Task item:
Return all lines from the listing below that include the word "value".

________

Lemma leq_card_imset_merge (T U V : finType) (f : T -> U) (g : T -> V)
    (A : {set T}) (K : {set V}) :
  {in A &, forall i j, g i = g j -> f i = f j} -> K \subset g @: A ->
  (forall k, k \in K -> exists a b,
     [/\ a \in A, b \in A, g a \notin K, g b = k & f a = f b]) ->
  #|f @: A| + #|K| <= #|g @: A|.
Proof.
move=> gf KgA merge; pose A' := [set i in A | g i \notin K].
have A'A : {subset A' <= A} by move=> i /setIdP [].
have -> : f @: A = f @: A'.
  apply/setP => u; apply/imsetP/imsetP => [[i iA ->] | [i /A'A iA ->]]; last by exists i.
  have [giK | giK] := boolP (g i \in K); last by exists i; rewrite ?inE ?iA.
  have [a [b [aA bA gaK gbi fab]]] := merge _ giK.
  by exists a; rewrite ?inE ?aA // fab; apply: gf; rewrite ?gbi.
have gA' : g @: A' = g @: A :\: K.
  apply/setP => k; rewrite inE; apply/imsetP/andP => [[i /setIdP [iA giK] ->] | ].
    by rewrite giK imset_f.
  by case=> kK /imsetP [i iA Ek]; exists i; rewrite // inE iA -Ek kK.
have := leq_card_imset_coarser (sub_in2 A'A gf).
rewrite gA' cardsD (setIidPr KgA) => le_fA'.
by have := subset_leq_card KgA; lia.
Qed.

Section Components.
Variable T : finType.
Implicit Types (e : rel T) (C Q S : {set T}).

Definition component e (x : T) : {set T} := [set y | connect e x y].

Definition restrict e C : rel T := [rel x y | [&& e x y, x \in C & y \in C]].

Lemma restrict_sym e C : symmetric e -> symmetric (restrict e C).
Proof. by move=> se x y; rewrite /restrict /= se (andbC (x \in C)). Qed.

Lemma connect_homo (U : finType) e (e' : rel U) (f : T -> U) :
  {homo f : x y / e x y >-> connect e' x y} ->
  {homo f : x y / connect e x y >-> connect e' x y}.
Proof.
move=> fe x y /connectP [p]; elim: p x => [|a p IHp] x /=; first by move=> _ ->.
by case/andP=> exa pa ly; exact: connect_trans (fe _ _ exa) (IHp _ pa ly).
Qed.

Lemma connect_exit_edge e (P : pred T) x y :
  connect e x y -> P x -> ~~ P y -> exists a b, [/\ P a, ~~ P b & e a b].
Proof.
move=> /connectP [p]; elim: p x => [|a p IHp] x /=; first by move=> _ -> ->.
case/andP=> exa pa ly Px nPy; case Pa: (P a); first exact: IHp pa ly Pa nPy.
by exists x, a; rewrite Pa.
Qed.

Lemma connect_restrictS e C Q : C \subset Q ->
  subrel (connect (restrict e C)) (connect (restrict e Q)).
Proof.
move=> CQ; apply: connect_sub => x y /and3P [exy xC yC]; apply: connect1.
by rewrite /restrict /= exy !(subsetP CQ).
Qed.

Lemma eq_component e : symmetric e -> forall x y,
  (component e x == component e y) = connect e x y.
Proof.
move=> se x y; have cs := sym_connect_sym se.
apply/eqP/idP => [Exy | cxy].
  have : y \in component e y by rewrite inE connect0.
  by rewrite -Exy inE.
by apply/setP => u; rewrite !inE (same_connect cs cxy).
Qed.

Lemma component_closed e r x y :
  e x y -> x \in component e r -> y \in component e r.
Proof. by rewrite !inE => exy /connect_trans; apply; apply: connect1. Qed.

________

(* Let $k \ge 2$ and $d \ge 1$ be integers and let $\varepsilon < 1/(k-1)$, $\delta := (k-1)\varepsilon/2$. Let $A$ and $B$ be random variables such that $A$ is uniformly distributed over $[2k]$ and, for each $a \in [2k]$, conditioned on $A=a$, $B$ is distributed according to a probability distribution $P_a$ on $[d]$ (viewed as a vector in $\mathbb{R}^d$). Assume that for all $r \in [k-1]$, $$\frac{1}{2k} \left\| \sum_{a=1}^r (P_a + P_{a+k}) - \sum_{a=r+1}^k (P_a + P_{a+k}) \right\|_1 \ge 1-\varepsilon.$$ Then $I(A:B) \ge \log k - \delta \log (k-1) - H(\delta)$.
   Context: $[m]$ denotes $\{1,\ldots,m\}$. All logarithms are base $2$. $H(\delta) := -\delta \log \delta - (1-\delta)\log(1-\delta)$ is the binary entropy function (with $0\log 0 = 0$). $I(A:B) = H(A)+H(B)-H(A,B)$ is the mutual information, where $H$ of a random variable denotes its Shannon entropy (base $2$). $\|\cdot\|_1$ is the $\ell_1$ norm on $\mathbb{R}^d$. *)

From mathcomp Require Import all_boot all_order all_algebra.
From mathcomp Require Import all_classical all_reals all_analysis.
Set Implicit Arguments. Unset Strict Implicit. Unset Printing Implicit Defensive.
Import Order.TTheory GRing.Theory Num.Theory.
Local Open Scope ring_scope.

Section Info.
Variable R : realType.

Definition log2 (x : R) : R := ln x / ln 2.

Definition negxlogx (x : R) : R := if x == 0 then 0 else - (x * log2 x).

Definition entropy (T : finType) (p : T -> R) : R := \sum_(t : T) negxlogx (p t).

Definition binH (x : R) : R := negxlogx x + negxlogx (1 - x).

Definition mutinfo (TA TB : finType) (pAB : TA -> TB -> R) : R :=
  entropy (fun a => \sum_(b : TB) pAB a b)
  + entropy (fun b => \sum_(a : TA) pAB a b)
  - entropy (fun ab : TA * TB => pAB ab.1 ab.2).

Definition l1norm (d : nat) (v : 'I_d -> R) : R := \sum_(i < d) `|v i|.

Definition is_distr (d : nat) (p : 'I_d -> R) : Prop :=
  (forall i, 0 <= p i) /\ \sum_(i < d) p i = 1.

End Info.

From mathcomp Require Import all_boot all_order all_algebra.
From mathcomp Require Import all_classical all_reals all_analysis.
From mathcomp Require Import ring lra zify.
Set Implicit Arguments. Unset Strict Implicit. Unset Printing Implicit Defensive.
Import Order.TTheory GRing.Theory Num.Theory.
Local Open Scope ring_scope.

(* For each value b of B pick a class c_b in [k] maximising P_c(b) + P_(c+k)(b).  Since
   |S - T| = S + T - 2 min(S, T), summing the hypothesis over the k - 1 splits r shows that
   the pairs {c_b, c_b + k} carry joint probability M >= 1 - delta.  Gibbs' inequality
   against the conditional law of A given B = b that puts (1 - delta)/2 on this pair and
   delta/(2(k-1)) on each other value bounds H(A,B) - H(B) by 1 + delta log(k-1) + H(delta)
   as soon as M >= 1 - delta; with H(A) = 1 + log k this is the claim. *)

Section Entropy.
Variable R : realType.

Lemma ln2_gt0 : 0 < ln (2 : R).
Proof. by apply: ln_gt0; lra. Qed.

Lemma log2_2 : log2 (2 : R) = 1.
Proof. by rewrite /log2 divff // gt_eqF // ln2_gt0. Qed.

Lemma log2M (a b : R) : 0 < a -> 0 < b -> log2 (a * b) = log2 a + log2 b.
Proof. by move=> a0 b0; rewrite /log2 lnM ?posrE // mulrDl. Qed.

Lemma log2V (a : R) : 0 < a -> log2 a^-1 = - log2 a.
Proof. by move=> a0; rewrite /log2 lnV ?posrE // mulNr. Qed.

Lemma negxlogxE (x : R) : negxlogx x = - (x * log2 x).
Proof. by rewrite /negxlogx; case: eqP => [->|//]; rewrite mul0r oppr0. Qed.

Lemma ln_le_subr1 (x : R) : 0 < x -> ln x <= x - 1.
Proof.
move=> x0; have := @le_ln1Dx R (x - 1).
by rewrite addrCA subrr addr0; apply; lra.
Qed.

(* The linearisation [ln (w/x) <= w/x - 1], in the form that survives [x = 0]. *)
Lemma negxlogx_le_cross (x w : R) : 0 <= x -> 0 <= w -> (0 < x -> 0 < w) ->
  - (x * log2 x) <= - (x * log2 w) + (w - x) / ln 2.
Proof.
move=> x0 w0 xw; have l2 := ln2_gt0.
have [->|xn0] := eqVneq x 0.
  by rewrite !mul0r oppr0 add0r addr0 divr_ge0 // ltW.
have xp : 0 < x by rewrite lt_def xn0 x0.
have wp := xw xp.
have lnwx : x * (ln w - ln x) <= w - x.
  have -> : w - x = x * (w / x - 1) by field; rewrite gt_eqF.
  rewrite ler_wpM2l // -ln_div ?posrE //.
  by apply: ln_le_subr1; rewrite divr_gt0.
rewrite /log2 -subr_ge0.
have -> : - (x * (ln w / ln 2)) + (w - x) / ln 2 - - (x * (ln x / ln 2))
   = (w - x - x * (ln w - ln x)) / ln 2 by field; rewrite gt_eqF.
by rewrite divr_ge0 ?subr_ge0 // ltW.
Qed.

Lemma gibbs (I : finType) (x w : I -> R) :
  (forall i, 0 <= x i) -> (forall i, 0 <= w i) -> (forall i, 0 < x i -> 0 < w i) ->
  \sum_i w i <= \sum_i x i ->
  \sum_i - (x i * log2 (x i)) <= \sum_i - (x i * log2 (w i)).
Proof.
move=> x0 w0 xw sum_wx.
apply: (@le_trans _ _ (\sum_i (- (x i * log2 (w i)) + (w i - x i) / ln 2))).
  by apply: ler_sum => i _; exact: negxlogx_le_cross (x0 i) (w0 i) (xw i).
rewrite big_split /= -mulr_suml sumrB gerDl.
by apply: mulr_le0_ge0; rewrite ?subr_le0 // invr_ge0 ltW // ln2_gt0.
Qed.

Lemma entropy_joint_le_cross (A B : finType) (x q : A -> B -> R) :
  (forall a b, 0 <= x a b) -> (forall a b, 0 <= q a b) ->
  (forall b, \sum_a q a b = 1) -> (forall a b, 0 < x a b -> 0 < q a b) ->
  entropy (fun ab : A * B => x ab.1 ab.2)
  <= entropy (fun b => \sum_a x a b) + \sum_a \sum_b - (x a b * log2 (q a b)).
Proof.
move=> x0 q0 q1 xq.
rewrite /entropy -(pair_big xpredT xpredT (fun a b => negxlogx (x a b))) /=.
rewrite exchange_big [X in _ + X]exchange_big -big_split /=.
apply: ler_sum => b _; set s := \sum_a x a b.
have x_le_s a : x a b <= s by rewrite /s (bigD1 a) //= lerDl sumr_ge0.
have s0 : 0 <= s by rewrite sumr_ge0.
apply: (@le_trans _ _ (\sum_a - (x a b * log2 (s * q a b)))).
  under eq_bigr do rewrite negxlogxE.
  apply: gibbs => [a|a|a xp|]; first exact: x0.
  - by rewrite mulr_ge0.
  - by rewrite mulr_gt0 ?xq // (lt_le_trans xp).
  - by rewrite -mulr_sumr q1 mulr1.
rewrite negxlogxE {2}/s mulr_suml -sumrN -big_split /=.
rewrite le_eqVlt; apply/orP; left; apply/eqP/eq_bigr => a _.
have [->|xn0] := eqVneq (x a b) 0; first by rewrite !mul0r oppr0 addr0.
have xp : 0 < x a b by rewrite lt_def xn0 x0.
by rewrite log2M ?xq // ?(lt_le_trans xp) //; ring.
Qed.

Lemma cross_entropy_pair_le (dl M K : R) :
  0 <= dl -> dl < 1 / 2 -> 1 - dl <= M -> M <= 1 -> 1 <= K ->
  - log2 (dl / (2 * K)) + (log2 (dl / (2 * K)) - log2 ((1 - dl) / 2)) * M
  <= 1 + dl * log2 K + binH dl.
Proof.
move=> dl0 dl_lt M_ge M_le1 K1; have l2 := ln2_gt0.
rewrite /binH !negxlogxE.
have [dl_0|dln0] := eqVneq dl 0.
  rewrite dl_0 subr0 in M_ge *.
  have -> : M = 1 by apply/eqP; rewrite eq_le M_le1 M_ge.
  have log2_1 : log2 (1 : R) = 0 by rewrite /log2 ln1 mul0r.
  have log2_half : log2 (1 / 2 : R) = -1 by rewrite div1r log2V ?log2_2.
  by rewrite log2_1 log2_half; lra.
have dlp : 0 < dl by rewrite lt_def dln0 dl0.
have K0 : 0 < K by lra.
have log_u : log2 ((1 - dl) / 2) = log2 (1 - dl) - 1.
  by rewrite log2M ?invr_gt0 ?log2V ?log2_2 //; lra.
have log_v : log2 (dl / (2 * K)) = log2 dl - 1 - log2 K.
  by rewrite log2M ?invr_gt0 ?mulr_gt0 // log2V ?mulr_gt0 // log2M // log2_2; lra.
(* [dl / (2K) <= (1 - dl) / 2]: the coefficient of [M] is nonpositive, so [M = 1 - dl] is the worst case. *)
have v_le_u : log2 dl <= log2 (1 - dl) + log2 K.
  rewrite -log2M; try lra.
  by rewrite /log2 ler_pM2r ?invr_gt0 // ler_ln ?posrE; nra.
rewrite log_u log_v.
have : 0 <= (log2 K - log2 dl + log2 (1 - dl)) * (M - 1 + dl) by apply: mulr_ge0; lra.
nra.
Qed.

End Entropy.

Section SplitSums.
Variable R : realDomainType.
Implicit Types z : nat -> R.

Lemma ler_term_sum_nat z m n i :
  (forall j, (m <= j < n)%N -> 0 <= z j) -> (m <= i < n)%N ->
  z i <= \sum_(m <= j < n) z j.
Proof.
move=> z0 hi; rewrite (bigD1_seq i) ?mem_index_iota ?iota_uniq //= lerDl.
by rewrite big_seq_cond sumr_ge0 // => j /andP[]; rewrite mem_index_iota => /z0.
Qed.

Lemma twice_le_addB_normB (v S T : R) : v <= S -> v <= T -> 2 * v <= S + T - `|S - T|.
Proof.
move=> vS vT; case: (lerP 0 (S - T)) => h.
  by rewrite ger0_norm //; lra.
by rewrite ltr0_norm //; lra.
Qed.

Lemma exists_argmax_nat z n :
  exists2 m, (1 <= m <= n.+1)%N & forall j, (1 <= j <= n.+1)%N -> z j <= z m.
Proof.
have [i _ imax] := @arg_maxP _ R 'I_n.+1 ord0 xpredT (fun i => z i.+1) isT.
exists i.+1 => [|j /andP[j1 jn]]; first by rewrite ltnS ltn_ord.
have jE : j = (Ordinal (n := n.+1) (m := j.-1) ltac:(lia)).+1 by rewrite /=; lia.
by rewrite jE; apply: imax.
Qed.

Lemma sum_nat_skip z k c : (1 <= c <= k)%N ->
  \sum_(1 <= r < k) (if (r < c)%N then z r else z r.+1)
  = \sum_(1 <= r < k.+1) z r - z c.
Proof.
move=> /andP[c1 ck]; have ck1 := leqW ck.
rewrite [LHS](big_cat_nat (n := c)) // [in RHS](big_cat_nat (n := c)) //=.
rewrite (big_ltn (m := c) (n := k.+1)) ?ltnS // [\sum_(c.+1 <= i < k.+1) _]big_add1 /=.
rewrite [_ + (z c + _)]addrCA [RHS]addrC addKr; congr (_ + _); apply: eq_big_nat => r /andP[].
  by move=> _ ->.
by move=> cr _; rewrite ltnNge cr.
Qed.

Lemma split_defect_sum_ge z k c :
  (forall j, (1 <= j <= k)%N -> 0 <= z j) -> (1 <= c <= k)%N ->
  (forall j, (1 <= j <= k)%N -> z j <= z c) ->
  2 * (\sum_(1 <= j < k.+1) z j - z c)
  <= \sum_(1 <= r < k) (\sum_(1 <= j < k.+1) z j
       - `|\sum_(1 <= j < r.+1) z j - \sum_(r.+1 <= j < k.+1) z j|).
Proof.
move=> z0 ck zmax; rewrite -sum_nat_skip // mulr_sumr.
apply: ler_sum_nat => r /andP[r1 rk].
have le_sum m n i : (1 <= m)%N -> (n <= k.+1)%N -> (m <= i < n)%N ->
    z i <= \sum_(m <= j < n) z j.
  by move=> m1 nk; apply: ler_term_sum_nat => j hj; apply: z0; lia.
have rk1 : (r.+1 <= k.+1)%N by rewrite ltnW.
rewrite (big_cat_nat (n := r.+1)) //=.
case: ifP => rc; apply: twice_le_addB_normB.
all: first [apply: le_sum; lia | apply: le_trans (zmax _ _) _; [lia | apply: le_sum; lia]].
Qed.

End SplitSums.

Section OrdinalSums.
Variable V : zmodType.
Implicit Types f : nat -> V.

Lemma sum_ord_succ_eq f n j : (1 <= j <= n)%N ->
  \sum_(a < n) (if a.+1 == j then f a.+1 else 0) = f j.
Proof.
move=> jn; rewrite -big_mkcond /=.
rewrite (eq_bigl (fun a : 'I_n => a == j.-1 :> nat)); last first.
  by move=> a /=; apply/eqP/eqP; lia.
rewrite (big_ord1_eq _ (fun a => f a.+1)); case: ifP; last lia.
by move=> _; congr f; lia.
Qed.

________

Solution to the problem:
(* For each value b of B pick a class c_b in [k] maximising P_c(b) + P_(c+k)(b).  Since
   delta/(2(k-1)) on each other value bounds H(A,B) - H(B) by 1 + delta log(k-1) + H(delta)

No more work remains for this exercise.